### What you have to do:
Copy out each line of the listing below in which the string "eapply" occurs.
◆ ◆ ◆ ◆
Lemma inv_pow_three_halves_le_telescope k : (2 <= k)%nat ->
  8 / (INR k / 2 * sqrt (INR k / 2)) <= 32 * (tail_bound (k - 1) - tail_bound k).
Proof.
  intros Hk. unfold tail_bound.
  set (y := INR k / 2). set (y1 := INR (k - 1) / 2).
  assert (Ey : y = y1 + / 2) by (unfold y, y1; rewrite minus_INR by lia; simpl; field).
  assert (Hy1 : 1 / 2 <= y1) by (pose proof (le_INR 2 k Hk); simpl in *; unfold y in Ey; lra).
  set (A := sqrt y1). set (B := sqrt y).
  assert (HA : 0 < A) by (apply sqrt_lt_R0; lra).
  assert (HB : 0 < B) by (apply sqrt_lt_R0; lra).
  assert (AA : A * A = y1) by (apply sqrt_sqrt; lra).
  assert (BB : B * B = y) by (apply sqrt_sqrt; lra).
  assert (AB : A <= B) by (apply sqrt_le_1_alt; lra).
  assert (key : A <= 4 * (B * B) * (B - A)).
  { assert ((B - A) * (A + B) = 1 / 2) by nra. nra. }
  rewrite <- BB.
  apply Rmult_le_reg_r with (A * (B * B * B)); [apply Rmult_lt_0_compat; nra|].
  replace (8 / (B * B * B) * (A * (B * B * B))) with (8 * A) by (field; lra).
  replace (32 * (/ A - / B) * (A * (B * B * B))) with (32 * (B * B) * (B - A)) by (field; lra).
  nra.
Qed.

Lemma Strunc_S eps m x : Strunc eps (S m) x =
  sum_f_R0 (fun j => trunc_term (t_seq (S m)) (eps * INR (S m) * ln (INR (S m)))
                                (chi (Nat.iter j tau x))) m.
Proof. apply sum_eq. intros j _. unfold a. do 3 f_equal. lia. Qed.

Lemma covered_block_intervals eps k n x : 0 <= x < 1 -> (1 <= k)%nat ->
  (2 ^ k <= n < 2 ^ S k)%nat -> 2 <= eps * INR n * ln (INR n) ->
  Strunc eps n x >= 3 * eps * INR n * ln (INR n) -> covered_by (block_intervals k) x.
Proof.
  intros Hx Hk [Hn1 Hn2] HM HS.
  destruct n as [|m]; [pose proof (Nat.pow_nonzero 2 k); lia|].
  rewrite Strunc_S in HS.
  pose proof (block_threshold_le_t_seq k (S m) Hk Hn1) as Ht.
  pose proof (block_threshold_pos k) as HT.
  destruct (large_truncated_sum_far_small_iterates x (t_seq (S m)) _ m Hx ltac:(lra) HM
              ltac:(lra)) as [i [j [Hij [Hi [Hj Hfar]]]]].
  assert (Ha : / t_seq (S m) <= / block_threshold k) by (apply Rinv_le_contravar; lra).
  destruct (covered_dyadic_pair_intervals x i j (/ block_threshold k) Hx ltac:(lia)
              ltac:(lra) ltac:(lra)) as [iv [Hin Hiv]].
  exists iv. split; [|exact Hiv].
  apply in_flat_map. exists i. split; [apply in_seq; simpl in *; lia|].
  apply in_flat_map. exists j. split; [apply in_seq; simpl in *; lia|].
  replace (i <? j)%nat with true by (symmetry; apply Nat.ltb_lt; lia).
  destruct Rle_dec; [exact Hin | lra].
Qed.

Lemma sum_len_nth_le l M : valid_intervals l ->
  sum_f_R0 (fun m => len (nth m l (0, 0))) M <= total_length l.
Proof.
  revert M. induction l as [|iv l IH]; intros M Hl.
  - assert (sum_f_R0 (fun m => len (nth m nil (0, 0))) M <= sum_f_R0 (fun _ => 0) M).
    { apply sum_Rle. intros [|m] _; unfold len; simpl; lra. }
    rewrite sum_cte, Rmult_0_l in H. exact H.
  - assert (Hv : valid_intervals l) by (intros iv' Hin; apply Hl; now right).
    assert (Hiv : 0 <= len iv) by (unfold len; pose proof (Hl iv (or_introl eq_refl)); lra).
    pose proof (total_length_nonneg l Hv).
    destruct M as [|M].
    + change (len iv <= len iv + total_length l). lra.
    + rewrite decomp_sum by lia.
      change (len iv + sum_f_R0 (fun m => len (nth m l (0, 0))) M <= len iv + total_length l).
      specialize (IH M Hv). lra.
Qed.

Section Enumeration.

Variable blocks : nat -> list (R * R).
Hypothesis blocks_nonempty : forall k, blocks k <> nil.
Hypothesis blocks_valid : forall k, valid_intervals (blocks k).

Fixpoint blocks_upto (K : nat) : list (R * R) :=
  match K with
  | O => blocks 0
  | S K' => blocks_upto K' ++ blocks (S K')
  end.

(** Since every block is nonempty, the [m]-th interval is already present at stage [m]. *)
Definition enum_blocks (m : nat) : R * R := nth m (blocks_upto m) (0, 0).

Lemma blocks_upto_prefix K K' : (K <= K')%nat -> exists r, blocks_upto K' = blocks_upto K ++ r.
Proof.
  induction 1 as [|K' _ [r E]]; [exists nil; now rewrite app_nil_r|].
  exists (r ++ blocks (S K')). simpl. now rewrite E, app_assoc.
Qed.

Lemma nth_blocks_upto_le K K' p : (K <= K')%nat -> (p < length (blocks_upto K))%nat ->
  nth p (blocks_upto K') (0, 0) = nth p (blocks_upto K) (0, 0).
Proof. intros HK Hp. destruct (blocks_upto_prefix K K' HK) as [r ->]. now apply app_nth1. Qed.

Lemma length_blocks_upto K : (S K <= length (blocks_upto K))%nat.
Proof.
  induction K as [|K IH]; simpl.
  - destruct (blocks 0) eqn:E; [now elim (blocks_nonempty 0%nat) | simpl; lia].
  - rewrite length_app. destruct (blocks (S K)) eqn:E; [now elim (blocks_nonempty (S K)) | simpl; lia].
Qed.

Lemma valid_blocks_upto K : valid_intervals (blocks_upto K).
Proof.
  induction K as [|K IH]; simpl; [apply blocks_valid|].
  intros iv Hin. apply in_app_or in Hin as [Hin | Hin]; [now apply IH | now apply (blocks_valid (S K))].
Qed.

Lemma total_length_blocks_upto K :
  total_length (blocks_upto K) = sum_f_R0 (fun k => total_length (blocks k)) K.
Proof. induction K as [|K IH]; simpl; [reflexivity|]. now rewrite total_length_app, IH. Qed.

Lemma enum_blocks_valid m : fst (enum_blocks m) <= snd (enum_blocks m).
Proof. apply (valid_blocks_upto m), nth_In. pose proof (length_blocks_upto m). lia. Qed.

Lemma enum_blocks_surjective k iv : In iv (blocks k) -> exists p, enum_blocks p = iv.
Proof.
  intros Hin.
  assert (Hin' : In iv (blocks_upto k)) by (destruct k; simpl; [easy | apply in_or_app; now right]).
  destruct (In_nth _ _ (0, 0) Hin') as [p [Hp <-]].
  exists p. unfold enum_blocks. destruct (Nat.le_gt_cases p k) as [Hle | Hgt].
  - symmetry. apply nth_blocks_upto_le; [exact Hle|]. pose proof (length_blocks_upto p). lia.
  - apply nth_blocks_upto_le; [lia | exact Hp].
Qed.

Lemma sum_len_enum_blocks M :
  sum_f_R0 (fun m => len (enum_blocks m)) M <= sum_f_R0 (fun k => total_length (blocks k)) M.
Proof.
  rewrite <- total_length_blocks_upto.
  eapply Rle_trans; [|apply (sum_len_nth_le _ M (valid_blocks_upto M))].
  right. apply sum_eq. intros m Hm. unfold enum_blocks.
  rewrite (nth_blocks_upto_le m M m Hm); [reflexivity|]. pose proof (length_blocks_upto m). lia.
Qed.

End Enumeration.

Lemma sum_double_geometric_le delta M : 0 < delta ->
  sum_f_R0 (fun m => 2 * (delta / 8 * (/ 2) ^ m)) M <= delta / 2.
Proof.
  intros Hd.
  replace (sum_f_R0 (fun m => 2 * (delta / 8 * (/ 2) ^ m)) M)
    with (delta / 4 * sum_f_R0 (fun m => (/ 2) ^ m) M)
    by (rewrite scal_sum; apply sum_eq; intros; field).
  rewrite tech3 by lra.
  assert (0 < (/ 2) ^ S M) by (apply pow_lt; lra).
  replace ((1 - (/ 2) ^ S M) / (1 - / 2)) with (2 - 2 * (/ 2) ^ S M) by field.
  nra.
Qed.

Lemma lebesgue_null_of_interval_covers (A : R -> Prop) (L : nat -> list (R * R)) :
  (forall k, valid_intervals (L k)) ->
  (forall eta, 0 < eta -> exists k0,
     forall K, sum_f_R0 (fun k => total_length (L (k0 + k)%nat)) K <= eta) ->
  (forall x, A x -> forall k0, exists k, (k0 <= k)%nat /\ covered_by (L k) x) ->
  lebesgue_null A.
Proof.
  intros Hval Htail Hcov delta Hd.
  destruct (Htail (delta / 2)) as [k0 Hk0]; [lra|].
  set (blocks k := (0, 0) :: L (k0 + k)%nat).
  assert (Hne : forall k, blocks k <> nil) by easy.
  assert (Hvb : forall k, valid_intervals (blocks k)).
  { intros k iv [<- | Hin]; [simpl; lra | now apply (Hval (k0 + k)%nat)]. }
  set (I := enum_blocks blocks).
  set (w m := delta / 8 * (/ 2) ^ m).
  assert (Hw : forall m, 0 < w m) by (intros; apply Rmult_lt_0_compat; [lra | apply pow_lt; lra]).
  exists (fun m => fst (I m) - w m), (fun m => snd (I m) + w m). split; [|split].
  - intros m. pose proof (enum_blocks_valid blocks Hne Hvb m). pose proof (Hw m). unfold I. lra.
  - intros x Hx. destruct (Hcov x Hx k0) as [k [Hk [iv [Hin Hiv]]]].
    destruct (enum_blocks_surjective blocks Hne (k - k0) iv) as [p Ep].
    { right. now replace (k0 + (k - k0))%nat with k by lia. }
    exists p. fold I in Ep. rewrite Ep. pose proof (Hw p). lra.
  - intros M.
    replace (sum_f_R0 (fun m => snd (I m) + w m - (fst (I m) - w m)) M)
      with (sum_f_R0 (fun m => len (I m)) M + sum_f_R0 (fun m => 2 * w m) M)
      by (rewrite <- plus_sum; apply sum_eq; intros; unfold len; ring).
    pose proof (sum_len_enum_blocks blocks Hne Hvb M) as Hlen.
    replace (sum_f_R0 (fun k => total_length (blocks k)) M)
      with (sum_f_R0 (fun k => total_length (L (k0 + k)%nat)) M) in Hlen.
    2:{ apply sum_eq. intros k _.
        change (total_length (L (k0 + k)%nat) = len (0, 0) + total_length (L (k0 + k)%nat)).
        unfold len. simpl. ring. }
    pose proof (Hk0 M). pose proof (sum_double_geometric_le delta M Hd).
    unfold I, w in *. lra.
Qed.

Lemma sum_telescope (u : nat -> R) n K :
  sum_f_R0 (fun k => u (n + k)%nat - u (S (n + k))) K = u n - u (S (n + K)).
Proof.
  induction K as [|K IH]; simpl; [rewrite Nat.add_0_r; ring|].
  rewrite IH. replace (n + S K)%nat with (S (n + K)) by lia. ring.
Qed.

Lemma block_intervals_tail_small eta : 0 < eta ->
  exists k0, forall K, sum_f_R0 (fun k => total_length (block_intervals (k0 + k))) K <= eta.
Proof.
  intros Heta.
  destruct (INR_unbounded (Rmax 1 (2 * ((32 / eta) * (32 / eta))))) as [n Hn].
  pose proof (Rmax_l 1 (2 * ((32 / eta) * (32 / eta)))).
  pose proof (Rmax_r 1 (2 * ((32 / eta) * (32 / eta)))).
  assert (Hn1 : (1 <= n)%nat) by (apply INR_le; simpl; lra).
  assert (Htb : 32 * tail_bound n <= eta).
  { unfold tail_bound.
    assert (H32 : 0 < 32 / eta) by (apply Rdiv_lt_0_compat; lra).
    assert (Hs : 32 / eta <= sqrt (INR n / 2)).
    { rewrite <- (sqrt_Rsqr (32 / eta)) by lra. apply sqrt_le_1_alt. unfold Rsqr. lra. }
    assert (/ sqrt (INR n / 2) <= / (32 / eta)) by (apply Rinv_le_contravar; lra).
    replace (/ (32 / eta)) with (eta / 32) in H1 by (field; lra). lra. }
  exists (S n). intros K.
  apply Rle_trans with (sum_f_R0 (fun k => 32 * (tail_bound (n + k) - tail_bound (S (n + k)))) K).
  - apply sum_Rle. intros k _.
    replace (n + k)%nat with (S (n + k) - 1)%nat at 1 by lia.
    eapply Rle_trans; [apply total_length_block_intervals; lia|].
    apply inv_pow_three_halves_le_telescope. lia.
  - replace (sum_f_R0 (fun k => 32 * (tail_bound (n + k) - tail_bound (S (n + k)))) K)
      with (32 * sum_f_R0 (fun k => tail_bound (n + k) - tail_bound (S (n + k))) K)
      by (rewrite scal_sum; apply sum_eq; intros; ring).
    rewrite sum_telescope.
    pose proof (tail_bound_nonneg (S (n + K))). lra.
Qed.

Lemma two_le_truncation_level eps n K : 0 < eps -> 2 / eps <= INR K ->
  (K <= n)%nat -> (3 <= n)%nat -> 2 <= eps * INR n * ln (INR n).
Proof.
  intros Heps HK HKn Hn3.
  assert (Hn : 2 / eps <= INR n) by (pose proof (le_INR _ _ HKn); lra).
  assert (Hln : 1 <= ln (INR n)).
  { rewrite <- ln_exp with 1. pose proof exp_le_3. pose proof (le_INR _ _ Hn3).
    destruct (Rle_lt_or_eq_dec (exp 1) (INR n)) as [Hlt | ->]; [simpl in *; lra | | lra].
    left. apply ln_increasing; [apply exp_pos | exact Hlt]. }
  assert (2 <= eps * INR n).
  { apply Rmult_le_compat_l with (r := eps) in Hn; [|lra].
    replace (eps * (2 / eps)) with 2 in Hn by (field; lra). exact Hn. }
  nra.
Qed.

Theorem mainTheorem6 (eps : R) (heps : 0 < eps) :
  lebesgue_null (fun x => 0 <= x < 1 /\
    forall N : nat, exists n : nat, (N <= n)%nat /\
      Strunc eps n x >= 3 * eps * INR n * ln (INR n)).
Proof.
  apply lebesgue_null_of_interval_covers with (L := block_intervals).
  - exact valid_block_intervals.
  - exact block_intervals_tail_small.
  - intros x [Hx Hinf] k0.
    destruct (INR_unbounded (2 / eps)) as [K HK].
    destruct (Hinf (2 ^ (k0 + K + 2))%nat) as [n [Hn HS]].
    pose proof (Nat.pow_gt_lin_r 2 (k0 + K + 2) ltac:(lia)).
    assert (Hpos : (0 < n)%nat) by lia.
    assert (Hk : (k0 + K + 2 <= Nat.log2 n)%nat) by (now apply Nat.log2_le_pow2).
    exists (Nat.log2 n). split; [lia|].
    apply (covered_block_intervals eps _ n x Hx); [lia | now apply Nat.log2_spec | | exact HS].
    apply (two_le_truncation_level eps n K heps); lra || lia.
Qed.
◆ ◆ ◆ ◆
### Task result:
  eapply Rle_trans; [|apply (sum_len_nth_le _ M (valid_blocks_upto M))].
    eapply Rle_trans; [apply total_length_block_intervals; lia|].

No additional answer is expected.